→ **The problem**
Show every line from the data below that includes "Peeling".

+++ Record excerpts +++

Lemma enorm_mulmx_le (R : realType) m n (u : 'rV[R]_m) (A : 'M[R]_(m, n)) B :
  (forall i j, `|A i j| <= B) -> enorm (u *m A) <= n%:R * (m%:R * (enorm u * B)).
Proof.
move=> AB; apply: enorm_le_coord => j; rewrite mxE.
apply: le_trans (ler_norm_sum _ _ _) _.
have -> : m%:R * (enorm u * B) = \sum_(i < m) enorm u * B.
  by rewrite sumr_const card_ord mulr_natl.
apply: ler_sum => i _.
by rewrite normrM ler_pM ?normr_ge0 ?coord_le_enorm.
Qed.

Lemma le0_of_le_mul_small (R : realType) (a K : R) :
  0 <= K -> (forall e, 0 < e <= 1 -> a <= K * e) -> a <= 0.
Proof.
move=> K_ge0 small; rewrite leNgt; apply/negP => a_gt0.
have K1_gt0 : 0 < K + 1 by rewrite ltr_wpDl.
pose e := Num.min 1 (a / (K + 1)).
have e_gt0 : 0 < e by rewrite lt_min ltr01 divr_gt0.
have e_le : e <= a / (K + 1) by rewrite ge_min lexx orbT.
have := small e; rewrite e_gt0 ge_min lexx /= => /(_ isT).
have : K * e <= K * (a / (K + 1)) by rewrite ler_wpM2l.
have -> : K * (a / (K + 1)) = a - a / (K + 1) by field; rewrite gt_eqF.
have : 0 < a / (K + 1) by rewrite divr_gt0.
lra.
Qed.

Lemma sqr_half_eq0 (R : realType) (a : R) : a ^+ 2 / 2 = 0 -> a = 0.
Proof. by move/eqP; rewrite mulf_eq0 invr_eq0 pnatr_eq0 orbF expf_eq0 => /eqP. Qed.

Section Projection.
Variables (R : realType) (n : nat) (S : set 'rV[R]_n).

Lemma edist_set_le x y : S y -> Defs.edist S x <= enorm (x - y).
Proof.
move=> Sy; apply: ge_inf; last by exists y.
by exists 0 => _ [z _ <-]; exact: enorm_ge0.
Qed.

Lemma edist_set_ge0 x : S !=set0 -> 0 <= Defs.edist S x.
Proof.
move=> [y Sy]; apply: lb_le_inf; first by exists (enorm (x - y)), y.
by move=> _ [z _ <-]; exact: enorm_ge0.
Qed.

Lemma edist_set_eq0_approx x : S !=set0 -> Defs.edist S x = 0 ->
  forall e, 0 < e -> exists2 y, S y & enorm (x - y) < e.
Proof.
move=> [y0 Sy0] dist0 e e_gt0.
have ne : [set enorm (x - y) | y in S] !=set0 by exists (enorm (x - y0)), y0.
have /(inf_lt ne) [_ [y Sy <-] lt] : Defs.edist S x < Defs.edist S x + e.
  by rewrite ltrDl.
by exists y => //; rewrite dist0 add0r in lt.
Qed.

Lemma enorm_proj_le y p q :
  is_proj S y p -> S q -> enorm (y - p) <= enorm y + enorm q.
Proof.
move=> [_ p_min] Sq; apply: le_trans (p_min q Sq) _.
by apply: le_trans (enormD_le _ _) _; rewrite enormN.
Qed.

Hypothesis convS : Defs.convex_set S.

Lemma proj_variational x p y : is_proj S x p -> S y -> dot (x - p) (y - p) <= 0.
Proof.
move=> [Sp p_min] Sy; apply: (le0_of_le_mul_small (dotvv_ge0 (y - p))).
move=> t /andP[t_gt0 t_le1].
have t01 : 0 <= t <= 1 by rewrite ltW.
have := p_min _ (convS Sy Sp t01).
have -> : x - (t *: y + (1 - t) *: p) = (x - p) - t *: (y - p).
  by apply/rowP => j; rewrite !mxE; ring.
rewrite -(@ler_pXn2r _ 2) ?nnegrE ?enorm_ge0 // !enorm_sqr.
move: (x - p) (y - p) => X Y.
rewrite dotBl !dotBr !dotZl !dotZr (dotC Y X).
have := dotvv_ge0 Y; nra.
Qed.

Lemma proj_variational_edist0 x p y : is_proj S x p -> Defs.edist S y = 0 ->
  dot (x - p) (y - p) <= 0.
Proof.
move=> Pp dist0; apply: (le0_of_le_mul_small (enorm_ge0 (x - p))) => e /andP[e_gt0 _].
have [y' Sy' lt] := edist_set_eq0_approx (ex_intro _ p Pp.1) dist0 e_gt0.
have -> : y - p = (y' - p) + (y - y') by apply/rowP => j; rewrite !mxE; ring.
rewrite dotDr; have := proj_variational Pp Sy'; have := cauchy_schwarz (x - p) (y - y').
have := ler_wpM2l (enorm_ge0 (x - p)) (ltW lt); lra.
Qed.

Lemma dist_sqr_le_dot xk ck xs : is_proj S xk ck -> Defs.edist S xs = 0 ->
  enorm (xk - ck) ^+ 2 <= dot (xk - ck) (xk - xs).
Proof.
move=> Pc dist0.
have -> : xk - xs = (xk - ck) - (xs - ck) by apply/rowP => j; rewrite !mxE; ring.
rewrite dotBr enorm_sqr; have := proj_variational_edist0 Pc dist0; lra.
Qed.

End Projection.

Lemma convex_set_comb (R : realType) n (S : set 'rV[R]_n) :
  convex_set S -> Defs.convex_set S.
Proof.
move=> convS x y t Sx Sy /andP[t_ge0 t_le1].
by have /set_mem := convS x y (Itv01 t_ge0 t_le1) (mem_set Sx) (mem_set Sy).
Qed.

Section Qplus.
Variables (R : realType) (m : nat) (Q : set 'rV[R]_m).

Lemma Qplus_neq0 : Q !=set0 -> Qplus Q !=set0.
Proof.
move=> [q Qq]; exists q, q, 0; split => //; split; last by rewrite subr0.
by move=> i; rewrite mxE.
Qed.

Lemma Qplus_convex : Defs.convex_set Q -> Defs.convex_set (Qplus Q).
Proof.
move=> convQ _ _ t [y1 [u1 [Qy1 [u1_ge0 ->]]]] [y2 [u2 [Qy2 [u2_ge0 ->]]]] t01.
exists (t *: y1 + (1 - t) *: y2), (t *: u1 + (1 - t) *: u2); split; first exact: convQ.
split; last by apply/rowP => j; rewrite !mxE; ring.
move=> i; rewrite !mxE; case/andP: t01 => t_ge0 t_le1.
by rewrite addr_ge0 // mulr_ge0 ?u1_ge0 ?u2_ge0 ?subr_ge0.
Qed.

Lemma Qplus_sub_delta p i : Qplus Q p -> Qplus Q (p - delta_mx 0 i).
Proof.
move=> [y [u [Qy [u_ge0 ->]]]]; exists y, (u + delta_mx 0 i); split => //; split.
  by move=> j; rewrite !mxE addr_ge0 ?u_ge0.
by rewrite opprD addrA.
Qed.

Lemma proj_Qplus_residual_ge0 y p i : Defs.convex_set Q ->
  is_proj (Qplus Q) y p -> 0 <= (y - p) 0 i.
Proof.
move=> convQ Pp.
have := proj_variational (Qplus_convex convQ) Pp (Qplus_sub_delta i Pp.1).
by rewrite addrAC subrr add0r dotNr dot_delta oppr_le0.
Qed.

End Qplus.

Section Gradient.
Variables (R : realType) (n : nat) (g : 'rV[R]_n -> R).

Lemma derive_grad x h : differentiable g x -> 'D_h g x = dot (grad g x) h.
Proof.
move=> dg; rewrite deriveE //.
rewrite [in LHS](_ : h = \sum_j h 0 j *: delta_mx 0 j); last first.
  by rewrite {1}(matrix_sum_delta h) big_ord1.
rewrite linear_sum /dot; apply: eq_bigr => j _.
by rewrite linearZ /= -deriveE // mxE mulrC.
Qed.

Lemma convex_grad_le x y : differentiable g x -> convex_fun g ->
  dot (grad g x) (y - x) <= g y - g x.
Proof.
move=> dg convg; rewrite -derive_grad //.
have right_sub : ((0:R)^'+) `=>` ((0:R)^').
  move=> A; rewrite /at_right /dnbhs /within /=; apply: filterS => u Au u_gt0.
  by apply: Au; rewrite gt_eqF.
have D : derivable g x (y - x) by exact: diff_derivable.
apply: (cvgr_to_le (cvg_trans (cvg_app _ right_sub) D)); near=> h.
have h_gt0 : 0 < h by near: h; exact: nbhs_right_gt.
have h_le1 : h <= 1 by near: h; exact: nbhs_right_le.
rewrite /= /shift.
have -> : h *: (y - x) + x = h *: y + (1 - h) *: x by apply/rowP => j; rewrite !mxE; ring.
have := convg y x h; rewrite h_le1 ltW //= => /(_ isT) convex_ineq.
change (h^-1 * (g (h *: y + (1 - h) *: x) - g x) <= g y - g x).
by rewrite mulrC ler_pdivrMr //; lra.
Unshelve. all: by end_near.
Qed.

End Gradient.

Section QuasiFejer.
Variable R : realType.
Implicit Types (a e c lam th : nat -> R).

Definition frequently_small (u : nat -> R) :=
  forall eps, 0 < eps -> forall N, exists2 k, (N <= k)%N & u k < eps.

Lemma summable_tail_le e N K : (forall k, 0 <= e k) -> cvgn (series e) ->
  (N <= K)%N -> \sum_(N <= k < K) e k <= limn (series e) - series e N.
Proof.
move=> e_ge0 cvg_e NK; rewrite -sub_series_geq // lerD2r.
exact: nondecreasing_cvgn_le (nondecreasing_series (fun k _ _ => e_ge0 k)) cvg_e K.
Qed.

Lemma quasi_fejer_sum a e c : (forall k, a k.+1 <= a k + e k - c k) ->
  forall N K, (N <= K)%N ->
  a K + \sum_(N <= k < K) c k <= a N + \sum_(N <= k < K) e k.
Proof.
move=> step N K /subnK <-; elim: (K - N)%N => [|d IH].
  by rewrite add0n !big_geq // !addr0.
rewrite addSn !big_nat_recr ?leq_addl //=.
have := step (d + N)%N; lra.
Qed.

+++
+++ Record excerpts +++

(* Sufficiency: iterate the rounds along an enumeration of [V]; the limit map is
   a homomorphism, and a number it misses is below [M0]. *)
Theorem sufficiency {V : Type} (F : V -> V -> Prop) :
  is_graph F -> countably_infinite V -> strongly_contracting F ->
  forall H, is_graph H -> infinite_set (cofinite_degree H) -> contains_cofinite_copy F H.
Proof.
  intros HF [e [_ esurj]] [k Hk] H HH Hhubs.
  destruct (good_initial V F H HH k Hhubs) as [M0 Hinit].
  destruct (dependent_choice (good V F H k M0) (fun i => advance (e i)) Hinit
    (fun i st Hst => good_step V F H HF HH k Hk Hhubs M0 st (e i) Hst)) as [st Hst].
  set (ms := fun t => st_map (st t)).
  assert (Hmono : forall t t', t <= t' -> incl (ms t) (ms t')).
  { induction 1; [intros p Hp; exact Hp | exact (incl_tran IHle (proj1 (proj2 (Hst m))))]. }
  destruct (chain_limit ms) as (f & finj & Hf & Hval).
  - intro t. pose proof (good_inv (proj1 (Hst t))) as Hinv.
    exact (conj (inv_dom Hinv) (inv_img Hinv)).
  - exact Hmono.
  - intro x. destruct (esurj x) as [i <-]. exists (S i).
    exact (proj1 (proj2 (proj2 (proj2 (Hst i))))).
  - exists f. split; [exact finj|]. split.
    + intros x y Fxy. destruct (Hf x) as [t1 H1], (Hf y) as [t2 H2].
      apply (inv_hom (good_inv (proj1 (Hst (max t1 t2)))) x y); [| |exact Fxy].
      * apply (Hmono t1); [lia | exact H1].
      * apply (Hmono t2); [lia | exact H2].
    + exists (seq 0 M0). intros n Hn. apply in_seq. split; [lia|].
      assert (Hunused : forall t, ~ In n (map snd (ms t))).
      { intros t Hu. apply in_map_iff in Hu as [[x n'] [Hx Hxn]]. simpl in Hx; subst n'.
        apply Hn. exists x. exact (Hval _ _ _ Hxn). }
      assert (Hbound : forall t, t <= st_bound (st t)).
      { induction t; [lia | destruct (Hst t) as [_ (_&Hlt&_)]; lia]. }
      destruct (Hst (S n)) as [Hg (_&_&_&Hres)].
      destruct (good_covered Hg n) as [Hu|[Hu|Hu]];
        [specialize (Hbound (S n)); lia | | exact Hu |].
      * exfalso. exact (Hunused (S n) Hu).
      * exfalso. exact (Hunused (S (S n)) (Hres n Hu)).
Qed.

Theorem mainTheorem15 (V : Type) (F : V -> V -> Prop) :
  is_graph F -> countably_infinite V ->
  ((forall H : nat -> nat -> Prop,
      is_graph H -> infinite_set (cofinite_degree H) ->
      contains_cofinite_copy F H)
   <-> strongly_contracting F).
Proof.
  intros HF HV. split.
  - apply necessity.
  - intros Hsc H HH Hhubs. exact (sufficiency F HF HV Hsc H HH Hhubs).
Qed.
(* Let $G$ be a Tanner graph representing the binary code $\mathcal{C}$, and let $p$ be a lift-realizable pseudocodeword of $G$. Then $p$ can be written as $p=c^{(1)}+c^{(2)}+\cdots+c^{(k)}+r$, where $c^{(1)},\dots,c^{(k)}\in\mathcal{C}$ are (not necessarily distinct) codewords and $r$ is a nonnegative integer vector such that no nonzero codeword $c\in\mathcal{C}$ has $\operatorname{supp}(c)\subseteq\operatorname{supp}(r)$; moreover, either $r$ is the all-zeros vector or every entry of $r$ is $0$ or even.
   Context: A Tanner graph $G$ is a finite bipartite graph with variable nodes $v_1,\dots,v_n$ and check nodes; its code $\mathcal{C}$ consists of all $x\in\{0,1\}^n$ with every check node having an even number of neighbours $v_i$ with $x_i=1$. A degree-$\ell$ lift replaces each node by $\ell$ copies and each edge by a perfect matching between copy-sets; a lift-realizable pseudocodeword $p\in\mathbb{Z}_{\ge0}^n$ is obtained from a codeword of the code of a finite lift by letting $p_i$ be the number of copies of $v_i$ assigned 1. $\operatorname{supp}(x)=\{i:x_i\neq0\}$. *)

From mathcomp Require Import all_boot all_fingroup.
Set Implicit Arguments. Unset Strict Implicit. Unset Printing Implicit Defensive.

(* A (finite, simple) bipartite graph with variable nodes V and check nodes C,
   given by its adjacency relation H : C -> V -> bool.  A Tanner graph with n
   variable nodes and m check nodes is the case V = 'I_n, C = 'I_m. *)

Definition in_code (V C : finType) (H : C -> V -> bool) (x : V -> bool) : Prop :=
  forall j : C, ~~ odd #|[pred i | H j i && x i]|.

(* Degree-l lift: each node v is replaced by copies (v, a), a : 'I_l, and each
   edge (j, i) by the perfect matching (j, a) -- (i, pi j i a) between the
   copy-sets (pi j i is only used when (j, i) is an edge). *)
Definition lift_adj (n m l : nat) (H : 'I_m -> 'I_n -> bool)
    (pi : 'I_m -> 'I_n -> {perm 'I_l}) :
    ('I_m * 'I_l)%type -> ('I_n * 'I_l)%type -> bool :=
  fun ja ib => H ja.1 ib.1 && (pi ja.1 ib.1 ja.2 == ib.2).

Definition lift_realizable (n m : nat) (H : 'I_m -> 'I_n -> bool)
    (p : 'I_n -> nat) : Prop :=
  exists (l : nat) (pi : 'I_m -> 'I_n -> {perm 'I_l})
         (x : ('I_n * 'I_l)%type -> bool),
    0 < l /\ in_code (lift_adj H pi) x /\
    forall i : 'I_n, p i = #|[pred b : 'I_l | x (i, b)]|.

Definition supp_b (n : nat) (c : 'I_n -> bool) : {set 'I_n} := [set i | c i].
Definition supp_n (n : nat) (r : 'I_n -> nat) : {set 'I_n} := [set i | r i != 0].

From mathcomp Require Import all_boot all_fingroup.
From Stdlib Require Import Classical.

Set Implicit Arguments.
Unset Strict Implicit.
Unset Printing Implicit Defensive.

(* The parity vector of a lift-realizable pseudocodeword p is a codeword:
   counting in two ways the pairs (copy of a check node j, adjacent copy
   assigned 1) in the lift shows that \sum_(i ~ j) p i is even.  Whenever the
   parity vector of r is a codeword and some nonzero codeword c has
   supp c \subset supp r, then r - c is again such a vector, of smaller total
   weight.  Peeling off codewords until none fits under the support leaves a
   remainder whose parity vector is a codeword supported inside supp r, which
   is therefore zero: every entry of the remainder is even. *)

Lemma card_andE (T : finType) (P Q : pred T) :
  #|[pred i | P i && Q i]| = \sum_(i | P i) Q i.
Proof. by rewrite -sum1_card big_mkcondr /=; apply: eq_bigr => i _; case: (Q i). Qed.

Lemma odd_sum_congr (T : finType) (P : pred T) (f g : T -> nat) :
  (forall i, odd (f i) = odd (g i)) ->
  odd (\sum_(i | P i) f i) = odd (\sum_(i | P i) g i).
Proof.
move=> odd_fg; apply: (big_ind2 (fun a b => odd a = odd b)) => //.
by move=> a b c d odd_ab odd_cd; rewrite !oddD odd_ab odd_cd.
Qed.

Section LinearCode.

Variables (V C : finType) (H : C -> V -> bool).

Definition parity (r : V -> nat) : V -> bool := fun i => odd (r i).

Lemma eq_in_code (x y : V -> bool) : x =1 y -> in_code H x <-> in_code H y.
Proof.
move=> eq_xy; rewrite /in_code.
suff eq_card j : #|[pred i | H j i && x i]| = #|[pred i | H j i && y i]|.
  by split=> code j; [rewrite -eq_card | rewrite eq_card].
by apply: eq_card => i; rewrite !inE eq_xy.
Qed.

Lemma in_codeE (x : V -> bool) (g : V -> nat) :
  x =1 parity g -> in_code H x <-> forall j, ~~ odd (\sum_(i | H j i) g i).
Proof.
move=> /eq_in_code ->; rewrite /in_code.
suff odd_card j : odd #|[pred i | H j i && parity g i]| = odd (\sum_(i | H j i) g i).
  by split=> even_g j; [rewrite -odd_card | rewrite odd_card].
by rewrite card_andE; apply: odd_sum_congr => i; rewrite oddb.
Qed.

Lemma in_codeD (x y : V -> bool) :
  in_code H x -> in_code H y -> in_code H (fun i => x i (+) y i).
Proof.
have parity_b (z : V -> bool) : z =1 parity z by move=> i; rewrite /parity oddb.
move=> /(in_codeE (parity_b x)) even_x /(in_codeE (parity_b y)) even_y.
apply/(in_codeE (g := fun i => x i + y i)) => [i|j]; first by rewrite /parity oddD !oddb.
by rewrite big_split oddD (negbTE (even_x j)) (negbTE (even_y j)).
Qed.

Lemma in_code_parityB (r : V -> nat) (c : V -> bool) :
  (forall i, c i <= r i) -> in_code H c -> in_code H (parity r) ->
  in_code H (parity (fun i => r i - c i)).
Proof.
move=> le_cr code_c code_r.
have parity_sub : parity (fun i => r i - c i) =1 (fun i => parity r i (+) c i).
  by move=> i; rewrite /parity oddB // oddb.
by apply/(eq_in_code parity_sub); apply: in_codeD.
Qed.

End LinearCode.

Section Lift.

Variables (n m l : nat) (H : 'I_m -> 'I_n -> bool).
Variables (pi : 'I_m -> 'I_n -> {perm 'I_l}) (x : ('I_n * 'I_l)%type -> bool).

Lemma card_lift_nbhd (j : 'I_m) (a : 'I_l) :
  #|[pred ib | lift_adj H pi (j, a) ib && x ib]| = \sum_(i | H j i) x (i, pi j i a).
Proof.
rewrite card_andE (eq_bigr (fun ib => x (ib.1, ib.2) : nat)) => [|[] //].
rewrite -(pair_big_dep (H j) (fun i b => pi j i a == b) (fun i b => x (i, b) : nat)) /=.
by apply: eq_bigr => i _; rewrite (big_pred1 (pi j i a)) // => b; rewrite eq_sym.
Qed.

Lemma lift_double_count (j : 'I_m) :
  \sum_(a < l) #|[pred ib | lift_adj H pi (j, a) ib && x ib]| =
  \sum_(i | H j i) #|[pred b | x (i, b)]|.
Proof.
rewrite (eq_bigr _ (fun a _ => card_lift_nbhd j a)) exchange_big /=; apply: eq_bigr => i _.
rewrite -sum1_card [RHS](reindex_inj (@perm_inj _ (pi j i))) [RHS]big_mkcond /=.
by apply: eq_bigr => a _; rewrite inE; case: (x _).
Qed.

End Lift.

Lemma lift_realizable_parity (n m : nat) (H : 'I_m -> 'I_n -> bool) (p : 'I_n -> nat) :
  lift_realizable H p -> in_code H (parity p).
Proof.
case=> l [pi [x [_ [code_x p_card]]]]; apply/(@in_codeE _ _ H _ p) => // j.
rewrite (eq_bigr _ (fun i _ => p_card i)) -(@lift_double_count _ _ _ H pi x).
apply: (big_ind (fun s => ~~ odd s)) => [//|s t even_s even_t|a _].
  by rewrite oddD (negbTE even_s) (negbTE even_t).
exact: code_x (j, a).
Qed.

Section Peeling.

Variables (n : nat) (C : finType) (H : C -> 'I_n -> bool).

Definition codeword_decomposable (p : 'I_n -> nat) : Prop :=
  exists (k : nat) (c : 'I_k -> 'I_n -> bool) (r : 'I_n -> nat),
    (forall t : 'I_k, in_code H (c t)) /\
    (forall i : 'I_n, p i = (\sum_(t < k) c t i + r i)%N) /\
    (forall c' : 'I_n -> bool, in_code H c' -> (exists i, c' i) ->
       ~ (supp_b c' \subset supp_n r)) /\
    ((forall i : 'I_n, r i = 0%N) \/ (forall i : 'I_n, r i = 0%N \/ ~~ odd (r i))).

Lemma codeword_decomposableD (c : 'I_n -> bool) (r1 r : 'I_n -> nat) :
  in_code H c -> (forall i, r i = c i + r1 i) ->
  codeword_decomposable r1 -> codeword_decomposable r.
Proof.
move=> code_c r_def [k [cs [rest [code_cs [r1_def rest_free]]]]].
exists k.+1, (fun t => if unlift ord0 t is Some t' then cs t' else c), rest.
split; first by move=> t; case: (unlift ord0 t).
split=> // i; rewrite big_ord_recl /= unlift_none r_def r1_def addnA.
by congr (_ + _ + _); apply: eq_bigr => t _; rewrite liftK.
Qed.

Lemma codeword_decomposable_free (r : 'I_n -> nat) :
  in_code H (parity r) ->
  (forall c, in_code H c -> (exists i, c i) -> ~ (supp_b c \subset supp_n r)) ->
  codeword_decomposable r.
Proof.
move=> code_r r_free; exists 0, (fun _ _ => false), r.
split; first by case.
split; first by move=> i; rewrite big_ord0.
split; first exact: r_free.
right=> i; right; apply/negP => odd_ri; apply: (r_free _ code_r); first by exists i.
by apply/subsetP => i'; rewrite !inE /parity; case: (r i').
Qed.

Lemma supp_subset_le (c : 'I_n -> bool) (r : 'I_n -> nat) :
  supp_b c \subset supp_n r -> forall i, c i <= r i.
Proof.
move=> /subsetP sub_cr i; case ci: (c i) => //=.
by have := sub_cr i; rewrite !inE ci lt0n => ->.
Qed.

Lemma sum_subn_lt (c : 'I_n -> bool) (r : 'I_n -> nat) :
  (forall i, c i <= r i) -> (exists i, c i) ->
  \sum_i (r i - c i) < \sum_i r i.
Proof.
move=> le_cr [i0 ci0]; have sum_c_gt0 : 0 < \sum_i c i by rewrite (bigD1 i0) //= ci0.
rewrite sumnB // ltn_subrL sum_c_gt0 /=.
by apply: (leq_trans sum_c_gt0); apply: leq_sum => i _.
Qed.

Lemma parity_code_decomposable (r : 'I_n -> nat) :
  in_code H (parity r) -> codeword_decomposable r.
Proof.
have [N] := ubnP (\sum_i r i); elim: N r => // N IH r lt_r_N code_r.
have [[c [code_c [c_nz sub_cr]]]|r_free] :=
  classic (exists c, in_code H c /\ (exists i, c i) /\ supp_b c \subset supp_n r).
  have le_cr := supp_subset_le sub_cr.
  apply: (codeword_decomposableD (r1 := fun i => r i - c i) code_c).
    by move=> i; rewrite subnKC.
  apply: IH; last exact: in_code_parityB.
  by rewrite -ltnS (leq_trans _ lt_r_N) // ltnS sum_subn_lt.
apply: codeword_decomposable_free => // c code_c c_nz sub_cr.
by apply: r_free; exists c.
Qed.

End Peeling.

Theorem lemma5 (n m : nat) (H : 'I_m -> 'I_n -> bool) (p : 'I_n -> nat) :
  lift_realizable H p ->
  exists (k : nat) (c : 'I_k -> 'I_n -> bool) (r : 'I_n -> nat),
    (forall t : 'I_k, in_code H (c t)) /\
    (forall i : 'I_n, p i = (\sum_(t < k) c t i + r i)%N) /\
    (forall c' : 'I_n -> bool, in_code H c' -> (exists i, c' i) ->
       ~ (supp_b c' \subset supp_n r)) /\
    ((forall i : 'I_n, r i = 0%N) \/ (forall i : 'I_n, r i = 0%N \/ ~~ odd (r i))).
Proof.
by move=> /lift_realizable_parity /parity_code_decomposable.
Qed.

+++

→ **Response**
   weight.  Peeling off codewords until none fits under the support leaves a
Section Peeling.
End Peeling.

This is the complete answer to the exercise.